How to protect VoIP from scammers

How to protect VoIP from scammers

VoIP for Business provides a range of benefits, including substantial cost-savings that make it a must-have for most businesses.  However, as with most IT advances, VoIP has attracted the dark side of the developers.   Hackers and scammers are using VoIP for Business as a way to steal data and execute hacking exploits.

As with other types of malware attacks, business need to be aware of how these exploits are executed and what preventative measures they can take.

The first thing to understand is that most successful hacking attacks are by having users provide sensitive information.

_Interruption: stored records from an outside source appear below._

(* For $1\le i\le k$ let $G_i$ be an $r_i$-regular graph with $n_i$ vertices that admits a balanced labelling. Suppose $r_i\le n_j$ for all $1\le i,j\le k$, and that $r=\sum_{i=1}^k r_i$ is coprime to $n_1n_2\cdots n_k$. Then $G_1\Box\cdots\Box G_k$ is $\mathbb{Z}_{n_1\cdots n_k}$-distance antimagic.
   Context: For an $r$-regular graph $G$ with $n$ vertices, a balanced labelling is a bijection $f:V(G)\to\mathbb{Z}_n$ such that $\sum_{y\in N(x)} f(y)\equiv r f(x)\pmod n$ for every vertex $x$ ($N(x)$ the open neighbourhood). The Cartesian product $G_1\Box\cdots\Box G_k$ has vertex set $V(G_1)\times\cdots\times V(G_k)$, with two tuples adjacent iff they differ in exactly one coordinate $i$ and are adjacent there in $G_i$. For a graph $G$ with $n$ vertices, a $\mathbb{Z}_n$-distance antimagic labelling is a bijection $f:V(G)\to\mathbb{Z}_n$ such that the weights $w_f(x)=\sum_{y\in N(x)} f(y)$ (mod $n$) are pairwise distinct; $G$ is $\mathbb{Z}_n$-distance antimagic if such a labelling exists. *)

From mathcomp Require Import all_boot.
Set Implicit Arguments. Unset Strict Implicit. Unset Printing Implicit Defensive.

Definition simple_graph (T : finType) (e : rel T) : Prop :=
  symmetric e /\ irreflexive e.

Definition regular (T : finType) (e : rel T) (r : nat) : Prop :=
  forall x : T, #|[pred y | e x y]| = r.

(* Labels in Z_n (n = #|T|) are represented by 'I_n; sums are taken mod n. *)
Definition balanced_labelling (T : finType) (e : rel T) (r : nat)
    (f : T -> 'I_#|T|) : Prop :=
  bijective f /\
  forall x : T, \sum_(y | e x y) (f y : nat) = r * f x %[mod #|T|].

Definition has_balanced_labelling (T : finType) (e : rel T) (r : nat) : Prop :=
  exists f : T -> 'I_#|T|, balanced_labelling e r f.

Definition prod_vertex (k : nat) (T : 'I_k -> finType) : finType :=
  {dffun forall i : 'I_k, T i}.

Definition prod_adj (k : nat) (T : 'I_k -> finType) (e : forall i, rel (T i))
    : rel (prod_vertex T) :=
  fun x y => [exists i : 'I_k,
                e i (x i) (y i) && [forall j : 'I_k, (j != i) ==> (x j == y j)]].

Definition distance_antimagic_labelling (V : finType) (adj : rel V)
    (f : V -> 'I_#|V|) : Prop :=
  bijective f /\
  injective (fun x : V => (\sum_(y | adj x y) (f y : nat)) %% #|V|).

Definition Zn_distance_antimagic (V : finType) (adj : rel V) : Prop :=
  exists f : V -> 'I_#|V|, distance_antimagic_labelling adj f.

From mathcomp Require Import all_boot zify.
From Stdlib Require Import ClassicalEpsilon.
Set Implicit Arguments. Unset Strict Implicit. Unset Printing Implicit Defensive.

(* Let G_i have n_i vertices, a balanced labelling f_i, and let P_i be the
   product of the n_j with j < i.  Label a vertex x of the product by the
   mixed-radix numeral L(x) = sum_i P_i * f_i(x_i).  Moving coordinate i of x to a
   neighbour z changes L by P_i * (f_i(z) - f_i(x_i)), so the weight is
     w(x) = r * L(x) + sum_i P_i * (S_i(x_i) - r_i * f_i(x_i)),
   where S_i(t) is the neighbour sum of t in G_i and r = sum_i r_i.  Balance
   makes the i-th correction a multiple of P_(i+1).  Hence if x and y agree
   below position m and w(x) = w(y) modulo P_(m+1), then r L(x) = r L(y) and,
   r being coprime to the order, L(x) = L(y) modulo P_(m+1); so x and y also
   agree at position m.  Induction on m gives injectivity of the weights. *)

Lemma cong_add d a b c e :
  a = b %[mod d] -> c = e %[mod d] -> a + c = b + e %[mod d].
Proof. by move=> Hab Hce; rewrite -modnDm Hab Hce modnDm. Qed.

Lemma cong_sum (I : Type) (s : seq I) (P : pred I) (F G : I -> nat) d :
  (forall i, P i -> F i = G i %[mod d]) ->
  \sum_(i <- s | P i) F i = \sum_(i <- s | P i) G i %[mod d].
Proof. by move=> FG; apply: (big_ind2 (fun a b => a = b %[mod d])) => //; apply: cong_add. Qed.

Lemma cong_mul_cancel d c a b :
  coprime d c -> c * a = c * b %[mod d] -> a = b %[mod d].
Proof.
wlog le_ba : a b / b <= a => [wlog_le|] cop_dc.
  by case: (leqP b a) => [|/ltnW] le; [apply: wlog_le | move/esym/wlog_le/esym; apply].
move/eqP; rewrite eqn_mod_dvd ?leq_mul2l ?le_ba ?orbT // -mulnBr Gauss_dvdr //.
by rewrite -eqn_mod_dvd // => /eqP.
Qed.

Lemma cong_transfer d u u' a a' b b' p p' :
  u = u' %[mod d] -> a + b' = a' + b %[mod d] ->
  u + a = p + b -> u' + a' = p' + b' -> p = p' %[mod d].
Proof.
move=> uu' ab E E'.
apply/eqP; rewrite -(eqn_modDr (b + a' + b')).
have -> : p + (b + a' + b') = u + (a + b') + a' by lia.
have -> : p' + (b + a' + b') = u' + (a' + b) + a' by lia.
by apply/eqP; apply: cong_add => //; apply: cong_add.
Qed.

Lemma sum_split_at k (F : 'I_k -> nat) (i0 : 'I_k) :
  \sum_i F i = \sum_(i : 'I_k | i < i0) F i + F i0 + \sum_(i : 'I_k | i0 < i) F i.
Proof.
rewrite (bigID (fun i : 'I_k => i < i0)) /= [X in _ + X](bigD1 i0) /= ?ltnn //.
rewrite addnA; congr (_ + _); apply: eq_bigl => i /=; rewrite -val_eqE /=.
by apply/andP/idP => [[]|]; lia.
Qed.

Section MixedRadix.
Variables (k : nat) (n : 'I_k -> nat).

Definition place (m : nat) : nat := \prod_(j : 'I_k | j < m) n j.

Definition mixed_radix (d : 'I_k -> nat) : nat := \sum_(i < k) place i * d i.

Lemma place_dvd a b : a <= b -> place a %| place b.
Proof.
move=> le_ab; rewrite /place [X in _ %| X](bigID (fun j : 'I_k => j < a)) /=.
rewrite [X in _ %| X * _](eq_bigl (fun j : 'I_k => j < a)); first exact: dvdn_mulr.
by move=> j /=; apply/andP/idP => [[]//|?]; split=> //; lia.
Qed.

Lemma place_dvd_prod m : place m %| \prod_i n i.
Proof. by rewrite (bigID (fun j : 'I_k => j < m)) /= dvdn_mulr. Qed.

Lemma placeS (i : 'I_k) : place i.+1 = place i * n i.
Proof.
rewrite /place (bigD1 i) //= mulnC; congr (_ * _).
by apply: eq_bigl => j /=; rewrite -val_eqE /=; apply/andP/idP => [[]|]; lia.
Qed.

Lemma mixed_radix_digit (d d' : 'I_k -> nat) (m : 'I_k) :
  (forall i, d i < n i) -> (forall i, d' i < n i) ->
  (forall j : 'I_k, j < m -> d j = d' j) ->
  mixed_radix d = mixed_radix d' %[mod place m.+1] -> d m = d' m.
Proof.
move=> dn d'n eq_low.
have place_gt0 : 0 < place m by apply: prodn_gt0 => j; apply: leq_ltn_trans (dn j).
have high_vanish (c : 'I_k -> nat) :
    (\sum_(i : 'I_k | m < i) place i * c i) %% place m.+1 = 0.
  by apply/eqP; apply: dvdn_sum => i lt_mi; apply/dvdn_mulr/place_dvd.
have low_eq : \sum_(i : 'I_k | i < m) place i * d i =
              \sum_(i : 'I_k | i < m) place i * d' i.
  by apply: eq_bigr => i /eq_low ->.
rewrite /mixed_radix !(sum_split_at _ m) -modnDmr high_vanish addn0.
rewrite -[in X in _ = X -> _]modnDmr high_vanish addn0 low_eq.
move/eqP; rewrite eqn_modDl placeS -!muln_modr eqn_pmul2l //.
by rewrite !modn_small // => /eqP.
Qed.

Lemma place_scaled_cong (m i : 'I_k) a b :
  m <= i -> a = b %[mod n i] -> place i * a = place i * b %[mod place m.+1].
Proof.
move=> le_mi ab; have dvd_place : place m.+1 %| place i * n i.
  by rewrite -placeS place_dvd.
by rewrite -[LHS](modn_dvdm _ dvd_place) -[RHS](modn_dvdm _ dvd_place) -!muln_modr ab.
Qed.

End MixedRadix.

Lemma ffun_eq_by_prefix k (T : 'I_k -> finType) (x y : {dffun forall i, T i}) :
  (forall i : 'I_k, (forall j : 'I_k, j < i -> x j = y j) -> x i = y i) -> x = y.
Proof.
move=> step; apply/ffunP => i.
elim/ltn_ind: {i}(val i) {-2}i (erefl (val i)) => m IH i val_i.
by apply: step => j; rewrite val_i => /IH; apply.
Qed.

Definition nbr_sum (V : finType) (e : rel V) (m : nat) (f : V -> 'I_m) (t : V)
    : nat :=
  \sum_(z | e t z) (f z : nat).

Section CartesianProduct.
Variables (k : nat) (T : 'I_k -> finType) (e : forall i : 'I_k, rel (T i)).
Arguments e : clear implicits.

Definition update (x : prod_vertex T) (i : 'I_k) (z : T i) : prod_vertex T :=
  [ffun j => dfwith x z j].

Lemma prod_nbr_sum (loopless : forall i, irreflexive (e i))
    (x : prod_vertex T) (F : prod_vertex T -> nat) :
  \sum_(y | prod_adj e x y) F y = \sum_(i < k) \sum_(z | e i (x i) z) F (update x z).
Proof.
pose moves (i : 'I_k) (y : prod_vertex T) :=
  e i (x i) (y i) && [forall j : 'I_k, (j != i) ==> (x j == y j)].
have unique_move y : \sum_(i | moves i y) F y = if prod_adj e x y then F y else 0.
  rewrite /prod_adj; case: existsP => [[i0 move_i0] | no_move]; last first.
    by rewrite big_pred0 // => i; apply/negP => move_i; apply: no_move; exists i.
  rewrite (big_pred1 i0) // => i; apply/idP/eqP => [|->//].
  case/andP=> _ /forallP /(_ i0); case: eqVneq => [//|_ /= /eqP x_i0].
  by case/andP: move_i0; rewrite -x_i0 loopless.
have update_moves i (z : T i) : moves i (update x z) = e i (x i) z.
  rewrite /moves /update ffunE dfwith_in; apply: andb_idr => _.
  by apply/forallP => j; apply/implyP => ne_ji; rewrite ffunE dfwith_out // eq_sym.
rewrite big_mkcond (eq_bigr _ (fun y _ => esym (unique_move y))) /=.
rewrite (exchange_big_dep xpredT) //=; apply: eq_bigr => i _.
rewrite (reindex_onto (fun z : T i => update x z) (fun y => y i)) /=.
  by apply: eq_bigl => z; rewrite update_moves /update ffunE dfwith_in eqxx andbT.
move=> y /andP [_ /forallP same]; apply/ffunP => j; rewrite /update ffunE.
case: (eqVneq i j) => [<-|ne_ij]; first by rewrite dfwith_in.
by rewrite dfwith_out //; apply/eqP; move/implyP: (same j); apply; rewrite eq_sym.
Qed.

Variable f : forall i, T i -> 'I_#|T i|.
Arguments f : clear implicits.

Local Notation place_of := (place (fun i => #|T i|)).

Definition prod_label (x : prod_vertex T) : nat :=
  mixed_radix (fun i => #|T i|) (fun i => f i (x i)).

Lemma prod_label_update (x : prod_vertex T) (i : 'I_k) (z : T i) :
  prod_label (update x z) + place_of i * f i (x i) =
  prod_label x + place_of i * f i z.
Proof.
rewrite /prod_label /mixed_radix (bigD1 i) //= [in RHS](bigD1 i) //=.
rewrite /update ffunE dfwith_in addnAC [RHS]addnAC; congr (_ + _); first exact: addnC.
by apply: eq_bigr => j ne_ji; rewrite ffunE dfwith_out // eq_sym.
Qed.

Lemma prod_weight (r : 'I_k -> nat) (loopless : forall i, irreflexive (e i))
    (reg : forall i, regular (e i) (r i)) (x : prod_vertex T) :
  \sum_(y | prod_adj e x y) prod_label y + \sum_(i < k) r i * (place_of i * f i (x i)) =
  (\sum_(i < k) r i) * prod_label x + \sum_(i < k) place_of i * nbr_sum (e i) (f i) (x i).
Proof.
have const_sum i c : \sum_(z | e i (x i) z) c = r i * c.
  by rewrite big_const iter_addn_0 mulnC -(reg i (x i)).
have coord i : \sum_(z | e i (x i) z) prod_label (update x z)
                 + r i * (place_of i * f i (x i)) =
               r i * prod_label x + place_of i * nbr_sum (e i) (f i) (x i).
  rewrite -const_sum -big_split /= (eq_bigr _ (fun z _ => prod_label_update x z)).
  by rewrite big_split /= const_sum /nbr_sum -big_distrr.
by rewrite prod_nbr_sum // -big_split /= (eq_bigr _ (fun i _ => coord i)) big_split /= big_distrl.
Qed.

Lemma prod_label_sep (f_inj : forall i, injective (f i)) (x y : prod_vertex T) :
  (forall i : 'I_k, (forall j : 'I_k, j < i -> x j = y j) ->
     prod_label x = prod_label y %[mod place_of i.+1]) -> x = y.
Proof.
move=> label_cong; apply: ffun_eq_by_prefix => i low; apply/f_inj/val_inj.
apply: (mixed_radix_digit _ _ _ (label_cong i low)) => [j|j|j /low -> //];
  exact: ltn_ord.
Qed.

Lemma card_prod_vertex : #|prod_vertex T| = \prod_(i < k) #|T i|.
Proof. by rewrite card_dep_ffun foldrE big_map big_enum. Qed.

(* With balanced labellings f i, the correction terms of prod_weight for two
   vertices agreeing below position m cancel modulo the place value of m + 1:
   below m they coincide, and from m on each is a multiple of place m.+1 away
   from its counterpart by the balance condition. *)
Lemma corrections_cong (r : 'I_k -> nat)
    (bal : forall i, balanced_labelling (e i) (r i) (f i))
    (x y : prod_vertex T) (m : 'I_k) :
  (forall j : 'I_k, j < m -> x j = y j) ->
  \sum_(i < k) r i * (place_of i * f i (x i))
    + \sum_(i < k) place_of i * nbr_sum (e i) (f i) (y i) =
  \sum_(i < k) r i * (place_of i * f i (y i))
    + \sum_(i < k) place_of i * nbr_sum (e i) (f i) (x i) %[mod place_of m.+1].
Proof.
move=> low; rewrite -!big_split; apply: cong_sum => i _ /=.
case: (ltnP i m) => [/low -> // | le_mi].
have bal_place (z : prod_vertex T) :
    r i * (place_of i * f i (z i)) = place_of i * nbr_sum (e i) (f i) (z i)
      %[mod place_of m.+1].
  rewrite mulnCA; apply: place_scaled_cong => //.
  by case: (bal i) => _ ->.
by rewrite addnC; apply: cong_add => //; apply/esym.
Qed.

Lemma prod_label_inj_mod (f_inj : forall i, injective (f i)) (x y : prod_vertex T) :
  prod_label x = prod_label y %[mod \prod_(i < k) #|T i|] -> x = y.
Proof.
move=> label_xy; apply: prod_label_sep => // i _.
have dvd_place := place_dvd_prod (fun i => #|T i|) i.+1.
by rewrite -[LHS](modn_dvdm _ dvd_place) -[RHS](modn_dvdm _ dvd_place) label_xy.
Qed.

(* Digit by digit, prod_weight and corrections_cong turn a congruence of
   weights into one of r times the labels, and r can be cancelled. *)
Lemma prod_weight_inj_mod (r : 'I_k -> nat)
    (loopless : forall i, irreflexive (e i)) (reg : forall i, regular (e i) (r i))
    (bal : forall i, balanced_labelling (e i) (r i) (f i))
    (cop : coprime (\sum_(i < k) r i) (\prod_(i < k) #|T i|)) (x y : prod_vertex T) :
  \sum_(x' | prod_adj e x x') prod_label x' = \sum_(y' | prod_adj e y y') prod_label y'
    %[mod \prod_(i < k) #|T i|] -> x = y.
Proof.
move=> weight_xy; have f_inj i : injective (f i) by case: (bal i) => /bij_inj.
apply: prod_label_sep => // i low.
have dvd_place := place_dvd_prod (fun i => #|T i|) i.+1.
apply: (@cong_mul_cancel _ (\sum_(i < k) r i)).
  by rewrite coprime_sym; apply: coprime_dvdr cop.
apply: cong_transfer (prod_weight loopless reg x) (prod_weight loopless reg y).
  by rewrite -[LHS](modn_dvdm _ dvd_place) -[RHS](modn_dvdm _ dvd_place) weight_xy.
exact: corrections_cong.
Qed.

End CartesianProduct.

Theorem mainTheorem12 (k : nat) (T : 'I_k -> finType)
    (e : forall i : 'I_k, rel (T i)) (r : 'I_k -> nat) :
  0 < k ->
  (forall i, simple_graph (e i)) ->
  (forall i, regular (e i) (r i)) ->
  (forall i, has_balanced_labelling (e i) (r i)) ->
  (forall i j : 'I_k, r i <= #|T j|) ->
  coprime (\sum_(i < k) r i) (\prod_(i < k) #|T i|) ->
  Zn_distance_antimagic (prod_adj e).
Proof.
move=> _ simple reg has_bal _ cop.
have loopless i : irreflexive (e i) by case: (simple i).
have [f bal] : exists f : forall i, T i -> 'I_#|T i|,
    forall i, balanced_labelling (e i) (r i) (f i).
  exists (fun i => proj1_sig (constructive_indefinite_description _ (has_bal i))).
  by move=> i; apply: proj2_sig.
have card_gt0 (x : prod_vertex T) : 0 < #|prod_vertex T| by apply/card_gt0P; exists x.
pose lab x : 'I_#|prod_vertex T| := Ordinal (ltn_pmod (prod_label f x) (card_gt0 x)).
have lab_inj : injective lab.
  move=> x y /(congr1 val) /=; rewrite card_prod_vertex => label_xy.
  by apply: (prod_label_inj_mod _ label_xy) => i; case: (bal i) => /bij_inj.
exists lab; split; first by apply: inj_card_bij; rewrite // card_ord.
move=> x y /=; rewrite modn_summ [in X in _ = X -> _]modn_summ card_prod_vertex.
exact: prod_weight_inj_mod.
Qed.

Scammers are becoming more sophisticated, and they are increasingly using VoIP to steal personal and company data or just cause mischief.

Here are some common types of attack and how to avoid them.

  1. Interception


    An attacker can hack into your VoIP system to record business conversations.  They can then be  decrypted, sometimes in real time, to obtain crucial business or personal information.

    The first step is obviously to prevent hackers entering your VoIP system in the first place.  Change server passwords, and under no circumstances continue to use the manufacturer-supplied default passwords.

    Because your VoIP call is likely to be routed outside your network, protecting your calls from interception can be out of your hands.  If security is a major concern there are software tools that provide a second layer of end-to-end encryption.  Adding a second encryption layer makes it highly unlikely that calls can be decrypted in real time, and even when recorded calls are analysed offline.

  2. Hosted Services

    Hosted Services

    If you are using a VoIP Hosted Service supplier, you need to be very careful about the security they provide.  You need to be sure that they are as secure as you would be with an inhouse system.

  3. Firewalls and Security

    Firewalls and Security

    All companies already implement firewalls and security in their overall ICT infrastructure.   If you are concerned about security, it may be prudent to deploy a VoIP specific firewall that closes a VoIP session once the call is complete.  This prevents hackers piggy-backing on a session to find out information about your VoIP system.

    In a high-security environment, you may consider adding further layers of security, for example allowing only authenticated devices to make or receive VoIP calls.

  4. User Security

    User Security

    You can implement all the security technical features you like, but the majority of successful data breaches and hack attacks occur because of user error, deliberate or malicious.

    • Phishing


      In a phone-based phishing attack, the hacker calls a user and pretends to be from IT support or from a recognised company IT supplier. 

      In an attack on a user, they either quiz the user for personal information like credit card numbers, bank account details or information on family or friends.  Sometimes they claim to be from IT Support and need the user to go to a web-site, “to update their software”, and the malware finds its way onto the company network.

      Support policies applied by ICT need to ensure that all ICT maintenance functions are carried out by staff with verifiable credentials.  In any event, most ICT update functions can be carried out remotely without user involvement.

      Users need to be educated not to respond the requests by third parties to carry out maintenance tasks on their PCs and to refer the caller to IT support.

    • Fake Caller/Caller ID

      Fake Caller

      A phishing attack over a VoIP or cellular connection can be legitimised by having a caller-id that shows the call coming from a reputable source.   Unfortunately, caller-ids can be faked.  Users need to be very careful and verify that the caller is legitimate before divulging any potentially sensitive information.

    • War Dialing

      A carry-over from the dial-up modem days, a hacker sends out a phone message to hundreds of phone voicemail boxes, asking the caller to return a call. This legitimises the number and allows the hacker to carry out a phishing attack.

In short, VoIP defences have two components, technical appliance and software defences, and an education programme for users to make sure that they do not provide potentially sensitive information to a third party.   Obviously, electronic defences need to be kept up to date.  Users need to be educated on general and VoIP security on a regular basis.